[SydPhil] Mariana Valverde

Martin Krygier m.krygier at unsw.edu.au
Fri Aug 22 10:38:30 AEST 2014


RE-REMINDER

The UNSW Network for Interdisciplinary Studies of Law
invites you to attend
an evening seminar:

Mariana Valverde

ON

The Myth of the Municipal Corporation: Local Government Assemblages

MONDAY, 25 AUGUST 2014
Dean's Board Room
2nd Floor
UNSW LAW SCHOOL

DRINKS: 5.30 - 6.00 pm
SEMINAR AND DISCUSSION: 6.00 - 8.00 pm
Would those interested in attending the seminar please let Martin Krygier (m.krygier at unsw.edu.au<mailto:m.krygier at unsw.edu.au>) know ahead of time.

ABSTRACT:
The Myth of the Municipal Corporation: Local Government Assemblages
Mariana Valverde

It is widely believed that contemporary public-private partnerships and special-purpose bodies delivering local infrastructure and services are recent, neoliberal inventions. While it is true that neoliberal political winds have encouraged local governance arrangements using private or quasi-private legal forms, as the literature on "planning by contract" outlines, historical research suggests that hybrid governance networks and one-off special authorities have played important roles for centuries. The long history of urban governance beyond the standard-issue municipal corporation also sheds new light on the conventional story about public and private corporations being sharply and permanently differentiated in the mid-nineteenth century. The efforts to standardize urban governance (e.g. the English Municipal Corporations Act of 1835) and to draw a line separating public, financially hampered corporations from private, less restricted corporations (e.g. the US Supreme Court 1819 decision in Dartmouth College) may have been more successful in the realm of doctrine (e.g. John Dillon's treatise than in practice. Thus, in regard to today's governance dilemmas, I would suggest that normative arguments about whether public-private partnerships are good or bad are less useful than historical and empirical research on the governance creativity through which a dizzying array of local authorities have been put together with surprisingly little regard for the conventional divides between public and private law and public and private interests.
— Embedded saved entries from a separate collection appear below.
Lemma graph_ball_countable_base (u : T -> R) : measurable_fun setT u ->
  exists B : nat -> set T, (forall i, measurable (B i)) /\
    forall x r, 0 < r -> exists2 i, B i x & B i `<=` graph_ball u x r.
Proof.
move=> um.
pose B i := if unpickle i is Some (j, k, z) then
    dball dist (c j) k.+1%:R^-1 `&`
    u @^-1` ball ((z : int)%:~R * k.+1%:R^-1 : R) k.+1%:R^-1
  else set0.
exists B; split.
  move=> i; rewrite /B; case: unpickle => [[[j k] z]|] //.
  exact: measurable_dball_preimage_ball.
move=> x r r0; set k := Num.truncn (2 / r); set e : R := k.+1%:R^-1.
have e0 : 0 < e by rewrite invr_gt0.
have er : e + e <= r.
  have eK : e * k.+1%:R = 1 by rewrite mulVf.
  have := truncnS_gt (2 / r); rewrite -/k ltr_pdivrMr // => rK.
  by rewrite -(ler_pM2r (ltr0Sn R k)) mulrDl eK; lra.
have [j cx] := c_dense x _ e0.
set z := Num.floor (k.+1%:R * u x).
have uz : `|u x - z%:~R * e| < e.
  have := floor_itv (k.+1%:R * u x); rewrite -/z intrD => /andP[z1 z2].
  have -> : u x - z%:~R * e = (k.+1%:R * u x - z%:~R) * e.
    by rewrite /e; field.
  rewrite normrM ger0_norm ?subr_ge0 // gtr0_norm // -[ltRHS]mul1r ltr_pM2r //.
  by rewrite ltrBlDl.
exists (pickle (j, k, z)); rewrite /B pickleK.
  by split => //=; rewrite /ball /= distrC.
move=> y [cy zy]; split; rewrite /dball /ball /= -/e in cx cy zy *.
  by have := dist_triangle x (c j) y; rewrite (distC x (c j)); lra.
have := ler_normD (u x - z%:~R * e) (z%:~R * e - u y).
by rewrite addrA subrK; lra.
Qed.
(* Consider a time series with baseline variables $X$ whose index sets satisfy $\{N,M,C\}\subseteq V$ (outcome process $N$, mediator process $M$, covariate process $C$; $V$ may contain further, e.g. unobserved, processes) and $\{A^D,A^M\}\subseteq W$ (treatment components, baseline). Suppose that for every $t\ge 1$ there is a DAG $D_t$ on the node set $V^t\cup W^t$ such that the $d$-separation Markov property holds in $D_t$ for the distribution of $X$ (the interventional distribution under $do(A^D=a,A^M=a^* )$), and such that the only contemporaneous edges of $D_t$ are of the form $\nu_s^N\to\nu_s^M$ and $\nu_s^N\to\nu_s^C$. Let $D$ be the tailed directed graph on $V\cup W$ containing $i\to j$ (resp. $i\bullet\!\!\to j$) if and only if this edge is in the rolled version of $D_t$ for some $t$. Then, for every lag $k\ge 1$: (i) if $M$ is $\delta$-separated from $A^D$ given $\{A^M,C,N\}$ in $D$, then $A^D$ and $X_k^M$ are conditionally independent given $(A^M,\overline X^M_{k-1},\overline X^C_{k-1},\overline X^N_k)$; (ii) if $C$ is $\delta$-separated from $A^M$ given $\{A^D,M,N\}$ in $D$, then $A^M$ and $X_k^C$ are conditionally independent given $(A^D,\overline X^M_{k},\overline X^C_{k-1},\overline X^N_k)$; (iii) if $N$ is $\delta$-separated from $A^M$ given $\{A^D,C,M\}$ in $D$, then $A^M$ and $X_k^N$ are conditionally independent given $(A^D,\overline X^M_{k-1},\overline X^C_{k-1},\overline X^N_{k-1})$.
   Context: Time series with baseline variables: $V$, $W$ finite disjoint index sets; $X_0$ is a random vector indexed by $V\cup W$, $X_t$ ($t\ge1$) indexed by $V$. $X_t^A$ is the subvector indexed by $A$, $\overline X_t^A=\{X_s^i:i\in A,s\le t\}$; baseline variables are written simply as $A^D$, $A^M$. In the survival application $X_k^N$ is the indicator of $T>t_k$, and $X^M_k,X^C_k$ are mediator and covariate measurements at time $t_k$. Unrolled node set: $V^t=\bigcup_{i\in V}\{\nu_0^i,\dots,\nu_t^i\}$, $W^t=\{\nu_0^i:i\in W\}$; node $\nu_s^i$ represents $X_s^i$. An edge $\nu_s^i\to\nu_u^j$ is contemporaneous if $s=u$. The $d$-separation Markov property holds in $D_t$ if $d$-separation of node sets $a,b$ by $c$ implies conditional independence of the corresponding variables given those of $c$. Rolled version of a DAG $D_t$: the tailed directed graph with $i\ast\!\!\to j$ if $\nu_s^i\to\nu_u^j$ for some $s\le u$ and $i\bullet\!\!\to j$ iff $\nu_u^i\to\nu_u^j$ for some $u$ (here $i\ast\!\!\to j$ means $i\to j$ or $i\bullet\!\!\to j$, and $i\to j$ is omitted when $i\bullet\!\!\to j$ is present). Standing assumption: whenever $\nu_u^i\to\nu_u^j$ is present, so is $\nu_s^i\to\nu_r^j$ for some $s<r$. $\delta$-separation: for a tailed directed graph $D$ let $D^-$ be the DG with $i\to j$ iff $i\ast\!\!\to j$ in $D$, and $(D^-)^B$ the DG obtained by deleting all edges $i\to j$ with $i\in B$. $B$ is $\delta$-separated from $A$ given $C$ in $D$ if every path (walk without repeated nodes) in $(D^-)^B$ between $A$ and $B$ contains a noncollider in $C$ or a collider (non-endpoint node with both adjacent edges pointing into it) not in $\mathrm{an}(C)\cup C$, ancestors taken in $D^-$. *)

From HB Require Import structures.
From mathcomp Require Import all_boot all_order all_algebra.
From mathcomp Require Import all_classical all_reals all_analysis.

Set Implicit Arguments.
Unset Strict Implicit.
Unset Printing Implicit Defensive.

Import Order.TTheory GRing.Theory Num.Theory.
Local Open Scope classical_set_scope.
Local Open Scope ring_scope.

Fixpoint dwalk {T : Type} (e : T -> T -> Prop) (x : T) (p : seq T) : Prop :=
  if p is y :: p' then e x y /\ dwalk e y p' else True.

Definition anc_or_in {T : Type} (e : T -> T -> Prop) (C : set T) : set T :=
  fun x => exists p : seq T, dwalk e x p /\ C (last x p).

(* A path is given by a start node x0 and a sequence of steps (b, y):
   step number i joins node i and node i+1 of  x0 :: map snd s,
   and b = true means the edge is  node_i -> node_(i+1),
   b = false means the edge is  node_(i+1) -> node_i. *)
Definition pnodes {T : eqType} (x0 : T) (s : seq (bool * T)) : seq T :=
  x0 :: map snd s.

Definition is_path {T : eqType} (e : T -> T -> Prop) (x0 : T)
    (s : seq (bool * T)) : Prop :=
  uniq (pnodes x0 s) /\
  forall i, (i < size s)%N ->
    if (nth (true, x0) s i).1
    then e (nth x0 (pnodes x0 s) i) (nth x0 (pnodes x0 s) i.+1)
    else e (nth x0 (pnodes x0 s) i.+1) (nth x0 (pnodes x0 s) i).

Definition collider_at {T : eqType} (x0 : T) (s : seq (bool * T)) (i : nat)
  : bool :=
  (nth (true, x0) s i.-1).1 && ~~ (nth (true, x0) s i).1.

Definition blocked {T : eqType} (e_anc : T -> T -> Prop) (C : set T)
    (x0 : T) (s : seq (bool * T)) : Prop :=
  exists2 i, (0 < i < size s)%N &
    if collider_at x0 s i
    then ~ anc_or_in e_anc C (nth x0 (pnodes x0 s) i)
    else C (nth x0 (pnodes x0 s) i).

Definition sep_gen {T : eqType} (e_path e_anc : T -> T -> Prop)
    (A B C : set T) : Prop :=
  forall x0 s, is_path e_path x0 s ->
    (A x0 /\ B (last x0 (map snd s))) \/ (B x0 /\ A (last x0 (map snd s))) ->
    blocked e_anc C x0 s.

Definition dsep {T : eqType} (e : T -> T -> Prop) (A B C : set T) : Prop :=
  sep_gen e e A B C.

(* A tailed directed graph is given by two relations: arr i j  (i -> j) *)
(* and tail i j  (i •-> j).                                            *)

Definition tdg_minus {I : Type} (arr tail : I -> I -> Prop) : I -> I -> Prop :=
  fun i j => arr i j \/ tail i j.

(* B is delta-separated from A given C in the tailed directed graph
   (arr, tail): paths taken in (D^-)^B, ancestors in D^- *)
Definition delta_sep {I : eqType} (arr tail : I -> I -> Prop)
    (A B C : set I) : Prop :=
  sep_gen (fun i j => tdg_minus arr tail i j /\ ~ B i)
          (tdg_minus arr tail) A B C.

(* Unrolled graphs of a time series.  Node nu_s^i is the pair (i, s).   *)

Definition ts_nodes {I : finType} (V W : {set I}) (t : nat) : set (I * nat) :=
  fun x => ((x.1 \in V) /\ (x.2 <= t)%N) \/ ((x.1 \in W) /\ x.2 = 0%N).

Definition rolled_tail {I : Type} (Dt : I * nat -> I * nat -> Prop)
  : I -> I -> Prop :=
  fun i j => exists u, Dt (i, u) (j, u).

Definition rolled_arr {I : Type} (Dt : I * nat -> I * nat -> Prop)
  : I -> I -> Prop :=
  fun i j => (exists s u, (s <= u)%N /\ Dt (i, s) (j, u))
             /\ ~ rolled_tail Dt i j.

Definition past {I : Type} (i : I) (t : nat) : set (I * nat) :=
  fun x => x.1 = i /\ (x.2 <= t)%N.

(* Dt is a DAG on V^t \cup W^t with edges respecting time, whose only
   contemporaneous edges are nu_s^N -> nu_s^M and nu_s^N -> nu_s^C,
   and satisfying the standing assumption on contemporaneous edges. *)
Definition ts_DAG {I : finType} (V W : {set I}) (N M C : I) (t : nat)
    (Dt : I * nat -> I * nat -> Prop) : Prop :=
  [/\ (forall x y, Dt x y -> ts_nodes V W t x /\ ts_nodes V W t y),
      (forall x p, dwalk Dt x p -> p <> [::] -> last x p <> x),
      (forall i j s u, Dt (i, s) (j, u) -> (s <= u)%N),
      (forall i j s, Dt (i, s) (j, s) -> i = N /\ (j = M \/ j = C)) &
      (forall i j u, Dt (i, u) (j, u) ->
         exists s r, (s < r)%N /\ Dt (i, s) (j, r))].
(* In every proper $4$-colouring of $L$, at least one of its $52$ copies of $H$ contains a monochromatic triple.
   Context: Identify $\mathbb{R}^2$ with $\mathbb{C}$. Let $\Lambda=\{a+b e^{i\pi/3}: a,b\in\mathbb{Z}\}$. For $c\in\mathbb{C}$, let $H_c$ be the unit-distance graph on $c$ and $c+e^{i\pi k/3}$, $k=0,\dots,5$. A monochromatic triple in a colouring of a copy of $H$ is a set of three of its $7$ vertices all receiving the same colour. $J$ is the unit-distance graph on the $31$ points of $\Lambda$ of modulus at most $\sqrt7$, i.e. the union of the $13$ copies $H_c$, $c\in\Lambda$, $|c|\le\sqrt3$. Let $R$ be the clockwise rotation about $0$ by $2\arcsin(1/4)$. $K$ is the unit-distance graph on the $61$ points of $V(J)\cup R(V(J))$. It contains the $26$ copies $H_c$ and $R(H_c)$. Let $A=2$ and $B=-2$. Let $\rho$ be the rotation about $A$ by the angle $2\arcsin(1/8)$, so that $B'=\rho(B)$ satisfies $|B-B'|=1$. $L$ is the unit-distance graph on the $121$ points of $V(K)\cup\rho(V(K))$. Its $52$ copies of $H$ are the $26$ copies in $K$ together with their images under $\rho$. *)

(* points of the plane C = R^2 as pairs of reals. *)
From Stdlib Require Import Reals Lra Lia ZArith.
Open Scope R_scope.

Definition pt : Type := (R * R)%type.

Definition padd (p q : pt) : pt := (fst p + fst q, snd p + snd q).
Definition psub (p q : pt) : pt := (fst p - fst q, snd p - snd q).
Definition norm2 (p : pt) : R := fst p * fst p + snd p * snd p.

Definition rot (t : R) (p : pt) : pt :=
  (cos t * fst p - sin t * snd p, sin t * fst p + cos t * snd p).

Definition unit6 (k : nat) : pt := (cos (PI * INR k / 3), sin (PI * INR k / 3)).

(* a + b e^{i pi/3} *)
Definition lat (a b : Z) : pt :=
  (IZR a + IZR b * cos (PI / 3), IZR b * sin (PI / 3)).

Definition inLambda (p : pt) : Prop := exists a b : Z, p = lat a b.

(* vertices of H_c: index 0 is c, index k (1..6) is c + e^{i pi (k-1)/3} *)
Definition Hvert (c : pt) (k : nat) : pt :=
  match k with
  | O => c
  | S j => padd c (unit6 j)
  end.

Definition Rmap (p : pt) : pt := rot (- (2 * asin (1/4))) p.

Definition A : pt := (2, 0).
Definition B : pt := (-2, 0).
Definition rho (p : pt) : pt := padd A (rot (2 * asin (1/8)) (psub p A)).

Definition VJ (p : pt) : Prop := inLambda p /\ norm2 p <= 7.
Definition VK (p : pt) : Prop := VJ p \/ exists q, VJ q /\ p = Rmap q.
Definition VL (p : pt) : Prop := VK p \/ exists q, VK q /\ p = rho q.

Definition unit_dist (p q : pt) : Prop := norm2 (psub p q) = 1.

Definition proper4_L (col : pt -> nat) : Prop :=
  (forall p, VL p -> (col p < 4)%nat) /\
  (forall p q, VL p -> VL q -> unit_dist p q -> col p <> col q).

Definition placements : list (pt -> pt) :=
  (fun p => p) :: Rmap :: rho :: (fun p => rho (Rmap p)) :: nil.

Definition mono_triple (col : pt -> nat) (T : pt -> pt) (c : pt) : Prop :=
  exists i j k : nat, (i < 7)%nat /\ (j < 7)%nat /\ (k < 7)%nat /\
    i <> j /\ j <> k /\ i <> k /\
    col (T (Hvert c i)) = col (T (Hvert c j)) /\
    col (T (Hvert c j)) = col (T (Hvert c k)).

From Stdlib Require Import Reals List.
Open Scope R_scope.
From Stdlib Require Import Arith ZArith Bool Lia Lra Classical.
Import ListNotations.

(* An exhaustive search shows that in every proper 4-colouring of K in which none of its 26
   copies of H has a monochromatic triple, A = 2 and B = -2 receive the same colour. L contains
   K and rho(K), and rho fixes A, so such a colouring of L would give both B and rho(B) the
   colour of A; but |B - rho(B)| = 2 |B - A| sin(arcsin(1/8)) = 1. *)

(** * The triangular lattice and the rotations R and rho *)

Definition eisenstein_norm (a b : Z) : Z := (a * a + a * b + b * b)%Z.

Lemma sin_PI3_sqr : sin (PI / 3) * sin (PI / 3) = 3 / 4.
Proof.
  rewrite sin_PI3.
  replace (sqrt 3 / 2 * (sqrt 3 / 2)) with (sqrt 3 * sqrt 3 / 4) by field.
  rewrite sqrt_sqrt by lra. field.
Qed.

Lemma norm2_lat a b : norm2 (lat a b) = IZR (eisenstein_norm a b).
Proof.
  unfold norm2, lat, eisenstein_norm; simpl.
  rewrite cos_PI3, !plus_IZR, !mult_IZR.
  replace (IZR b * sin (PI / 3) * (IZR b * sin (PI / 3)))
    with (IZR b * IZR b * (sin (PI / 3) * sin (PI / 3))) by ring.
  rewrite sin_PI3_sqr. field.
Qed.

Lemma padd_lat a1 b1 a2 b2 : padd (lat a1 b1) (lat a2 b2) = lat (a1 + a2) (b1 + b2).
Proof. unfold padd, lat; simpl. rewrite !plus_IZR. f_equal; ring. Qed.

Lemma psub_lat a1 b1 a2 b2 : psub (lat a1 b1) (lat a2 b2) = lat (a1 - a2) (b1 - b2).
Proof. unfold psub, lat; simpl. rewrite !minus_IZR. f_equal; ring. Qed.

Lemma unit_dist_lat a1 b1 a2 b2 :
  eisenstein_norm (a1 - a2) (b1 - b2) = 1%Z -> unit_dist (lat a1 b1) (lat a2 b2).
Proof. intro H. unfold unit_dist. rewrite psub_lat, norm2_lat, H. reflexivity. Qed.

Lemma unit_dist_sym p q : unit_dist p q -> unit_dist q p.
Proof. unfold unit_dist, norm2, psub; simpl. intro H; rewrite <- H; ring. Qed.

Definition hex_dir (j : nat) : Z * Z :=
  match j with
  | 0%nat => (1, 0) | 1%nat => (0, 1) | 2%nat => (-1, 1)
  | 3%nat => (-1, 0) | 4%nat => (0, -1) | _ => (1, -1)
  end%Z.

Lemma unit6_lat j : (j < 6)%nat -> unit6 j = lat (fst (hex_dir j)) (snd (hex_dir j)).
Proof.
  assert (cos_PI_minus : forall x, cos (PI - x) = - cos x).
  { intro x. rewrite cos_minus, cos_PI, sin_PI. ring. }
  intro Hj. unfold unit6, lat.
  destruct j as [|[|[|[|[|[|j]]]]]]; try lia; simpl fst; simpl snd.
  - replace (PI * INR 0 / 3) with 0 by (simpl; field). rewrite cos_0, sin_0. f_equal; lra.
  - replace (PI * INR 1 / 3) with (PI / 3) by (simpl; field). f_equal; lra.
  - replace (PI * INR 2 / 3) with (PI - PI / 3) by (simpl; field).
    rewrite cos_PI_minus, sin_PI_x, cos_PI3. f_equal; lra.
  - replace (PI * INR 3 / 3) with PI by (simpl; field).
    rewrite cos_PI, sin_PI, cos_PI3. f_equal; lra.
  - replace (PI * INR 4 / 3) with (PI / 3 + PI) by (simpl; field).
    rewrite neg_cos, neg_sin, cos_PI3. f_equal; lra.
  - replace (PI * INR 5 / 3) with (PI - PI / 3 + PI) by (simpl; field).
    rewrite neg_cos, neg_sin, cos_PI_minus, sin_PI_x, cos_PI3. f_equal; lra.
Qed.

Lemma Hvert_lat a b j : (j < 6)%nat ->
  Hvert (lat a b) (S j) = lat (a + fst (hex_dir j)) (b + snd (hex_dir j)).
Proof. intro Hj. simpl. rewrite unit6_lat by exact Hj. apply padd_lat. Qed.

Lemma norm2_rot t p : norm2 (rot t p) = norm2 p.
Proof.
  unfold norm2, rot; simpl.
  pose proof (sin2_cos2 t) as H. unfold Rsqr in H. nra.
Qed.

Lemma unit_dist_rot t p q : unit_dist p q -> unit_dist (rot t p) (rot t q).
Proof.
  unfold unit_dist. intro H. rewrite <- H, <- (norm2_rot t (psub p q)).
  unfold psub, rot; simpl. f_equal; f_equal; ring.
Qed.

Lemma norm2_sub_rot t p : norm2 (psub p (rot t p)) = (2 - 2 * cos t) * norm2 p.
Proof.
  unfold norm2, psub, rot; simpl.
  pose proof (sin2_cos2 t) as H. unfold Rsqr in H. nra.
Qed.

Lemma cos_2asin x : -1 <= x <= 1 -> cos (2 * asin x) = 1 - 2 * (x * x).
Proof. intro Hx. rewrite cos_2a_sin, sin_asin by lra. ring. Qed.

Lemma Rmap_origin : Rmap (lat 0 0) = lat 0 0.
Proof. unfold Rmap, rot, lat; simpl. f_equal; ring. Qed.

(* [R] rotates by an angle of cosine 7/8, so [|p - R p|^2 = |p|^2 / 4]. *)
Lemma unit_dist_Rmap a b : eisenstein_norm a b = 4%Z -> unit_dist (lat a b) (Rmap (lat a b)).
Proof.
  intro H. unfold unit_dist, Rmap.
  rewrite norm2_sub_rot, cos_neg, cos_2asin, norm2_lat, H by lra. simpl. field.
Qed.

Lemma unit_dist_rho p q : unit_dist p q -> unit_dist (rho p) (rho q).
Proof.
  unfold unit_dist. intro H. rewrite <- H, <- (norm2_rot (2 * asin (1 / 8)) (psub p q)).
  unfold rho, padd, psub, rot; simpl. f_equal; f_equal; ring.
Qed.

Lemma rho_A : rho A = A.
Proof. unfold rho, A, padd, psub, rot; simpl. f_equal; ring. Qed.

Lemma unit_dist_B_rho_B : unit_dist B (rho B).
Proof.
  unfold unit_dist.
  replace (psub B (rho B)) with (psub (psub B A) (rot (2 * asin (1 / 8)) (psub B A)))
    by (unfold rho, padd, psub, rot, A, B; simpl; f_equal; ring).
  rewrite norm2_sub_rot, cos_2asin by lra. unfold norm2, psub, A, B; simpl. field.
Qed.

Lemma A_lat : A = lat 2 0.
Proof. unfold A, lat. f_equal; lra. Qed.

Lemma B_lat : B = lat (-2) 0.
Proof. unfold B, lat. f_equal; lra. Qed.
(* $\mathrm{TC}(\mathbb{S}^1_3)=3$.
   Context: Finite spaces are finite $T_0$ spaces identified with finite posets ($x^\downarrow=\{y:y\le x\}$ is the minimal open neighborhood of $x$; open sets are the down-closed sets). $\mathbb{S}^1_3=\{x_0,x_1,x_2,y_0,y_1,y_2\}$ has minimal open sets $x_i^\downarrow=\{x_i\}$ and $y_i^\downarrow=\{y_i,x_i,x_{i-1\bmod 3}\}$. Topological complexity is unreduced: for path-connected $X$, with $\pi:X^I\to X\times X$, $\gamma\mapsto(\gamma(0),\gamma(1))$ ($X^I$ with compact-open topology), $\mathrm{TC}(X)$ is the minimal $k$ such that $X\times X$ is covered by $k$ open sets each admitting a continuous section of $\pi$. *)

From Stdlib Require Import Reals Lra List.
Open Scope R_scope.

Record space := Space { pt :> Type; is_open : (pt -> Prop) -> Prop }.

Inductive gen_open {T : Type} (B : (T -> Prop) -> Prop) : (T -> Prop) -> Prop :=
| gen_base U : B U -> gen_open B U
| gen_full : gen_open B (fun _ => True)
| gen_inter U V : gen_open B U -> gen_open B V -> gen_open B (fun x => U x /\ V x)
| gen_union (F : (T -> Prop) -> Prop) :
    (forall U, F U -> gen_open B U) -> gen_open B (fun x => exists U, F U /\ U x)
| gen_ext U V : gen_open B U -> (forall x, U x <-> V x) -> gen_open B V.

Definition continuous (X Y : space) (f : X -> Y) : Prop :=
  forall V, is_open Y V -> is_open X (fun x => V (f x)).

Definition subspace (X : space) (P : X -> Prop) : space :=
  Space {x : X | P x}
    (fun U => exists V, is_open X V /\ forall z : {x : X | P x}, U z <-> V (proj1_sig z)).

Definition prod_space (X Y : space) : space :=
  Space (X * Y)%type
    (gen_open (fun W =>
       (exists U, is_open X U /\ W = (fun p : X * Y => U (fst p))) \/
       (exists V, is_open Y V /\ W = (fun p : X * Y => V (snd p))))).

Definition R_space : space :=
  Space R (fun U => forall x, U x -> exists eps, 0 < eps /\
                     forall y, Rabs (y - x) < eps -> U y).

Definition unit_interval : space := subspace R_space (fun t => 0 <= t <= 1).

Definition I0 : unit_interval.
Proof. exists 0. simpl. lra. Defined.
Definition I1 : unit_interval.
Proof. exists 1. simpl. lra. Defined.
Lemma Cnorm_div (z w : Cx) : 0 < Cnorm w -> Cnorm (Cdiv z w) = Cnorm z / Cnorm w.
Proof. intro H. unfold Cdiv. rewrite Cnorm_mul, Cnorm_inv; auto. Qed.

Lemma dlim_eq f x l l' : derivable_pt_lim f x l -> l = l' -> derivable_pt_lim f x l'.
Proof. intros; subst; auto. Qed.

Lemma dlim_const c x : derivable_pt_lim (fun _ => c) x 0.
Proof. apply (derivable_pt_lim_const c). Qed.

Lemma dlim_plus f g x lf lg : derivable_pt_lim f x lf -> derivable_pt_lim g x lg ->
  derivable_pt_lim (fun t => f t + g t) x (lf + lg).
Proof. intros; apply (derivable_pt_lim_plus f g); auto. Qed.

Lemma dlim_opp f x lf : derivable_pt_lim f x lf ->
  derivable_pt_lim (fun t => - f t) x (- lf).
Proof. intros; apply (derivable_pt_lim_opp f); auto. Qed.

Lemma dlim_minus f g x lf lg : derivable_pt_lim f x lf -> derivable_pt_lim g x lg ->
  derivable_pt_lim (fun t => f t - g t) x (lf - lg).
Proof. intros; apply (derivable_pt_lim_minus f g); auto. Qed.

Lemma dlim_mult f g x lf lg : derivable_pt_lim f x lf -> derivable_pt_lim g x lg ->
  derivable_pt_lim (fun t => f t * g t) x (lf * g x + f x * lg).
Proof. intros; apply (derivable_pt_lim_mult f g); auto. Qed.

Lemma dlim_div f g x lf lg : derivable_pt_lim f x lf -> derivable_pt_lim g x lg -> g x <> 0 ->
  derivable_pt_lim (fun t => f t / g t) x ((lf * g x - lg * f x) / (g x * g x)).
Proof. intros; apply (derivable_pt_lim_div f g); auto. Qed.

Lemma dlim_pow2 f x lf : derivable_pt_lim f x lf ->
  derivable_pt_lim (fun t => f t ^ 2) x (2 * f x * lf).
Proof.
  intro H. eapply dlim_eq.
  - eapply derivable_pt_lim_ext; [| apply (dlim_mult f f); eauto]. intro; simpl; ring.
  - simpl; ring.
Qed.

Lemma dlim_sqrt f x lf : derivable_pt_lim f x lf -> 0 < f x ->
  derivable_pt_lim (fun t => sqrt (f t)) x (lf / (2 * sqrt (f x))).
Proof.
  intros H Hf. eapply dlim_eq.
  - apply (derivable_pt_lim_comp f sqrt); eauto. apply derivable_pt_lim_sqrt; auto.
  - unfold Rdiv; ring.
Qed.

Lemma dlim_pow n x : derivable_pt_lim (fun y => y ^ n) x (INR n * x ^ (n - 1)).
Proof. replace (n - 1)%nat with (Nat.pred n) by lia. apply derivable_pt_lim_pow. Qed.

Lemma dlim_scaled_pow c n x :
  derivable_pt_lim (fun y => c * y ^ n) x (c * (INR n * x ^ (n - 1))).
Proof.
  eapply dlim_eq.
  - apply (dlim_mult (fun _ => c) (fun y => y ^ n)); [apply dlim_const | apply dlim_pow].
  - ring.
Qed.

Lemma Cderiv_eq f x d d' : has_Cderiv f x d -> d = d' -> has_Cderiv f x d'.
Proof. intros; subst; auto. Qed.

Lemma Cderiv_unique f x d1 d2 : has_Cderiv f x d1 -> has_Cderiv f x d2 -> d1 = d2.
Proof. intros [A1 A2] [B1 B2]. apply Cx_eq; eapply uniqueness_limite; eauto. Qed.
A preliminary working draft of the paper is attached, including some explanatory notes by way of background.

SPEAKER:

The University of Toronto's Professor Mariana Valverde<http://individual.utoronto.ca/marianavalverde/> came to legal studies not through academic study but via a feminist engagement with sexuality and the law. Recently she has mainly done research on urban law and governance, historically and in the present. She is the author of six sole-authored books, six co-edited collections, about 50 refereed journal articles, and various research reports and popular publications; she has twice won the Law and Society Association's Jacob award, its main book prize. She teaches theory, sociolegal studies, and sexuality studies at the University of Toronto, and has written extensively on theoretical questions, particularly Nietzsche, actor-network theory, and the use of Foucaultian tools in legal studies. Her book Chronotopes of Law: Jurisdiction, Scale and Governance<http://www.routledge.com/books/details/9780415715584/> will be published by Glasshouse/Routledge in the winter of 2014. This shows how Bakthin's work on dialogsm and spatiotemporality can be used to overcome legal studies' current tendency to separate spatial analyses from theorizations of temporality, and in the process wholly neglecting jurisdiction.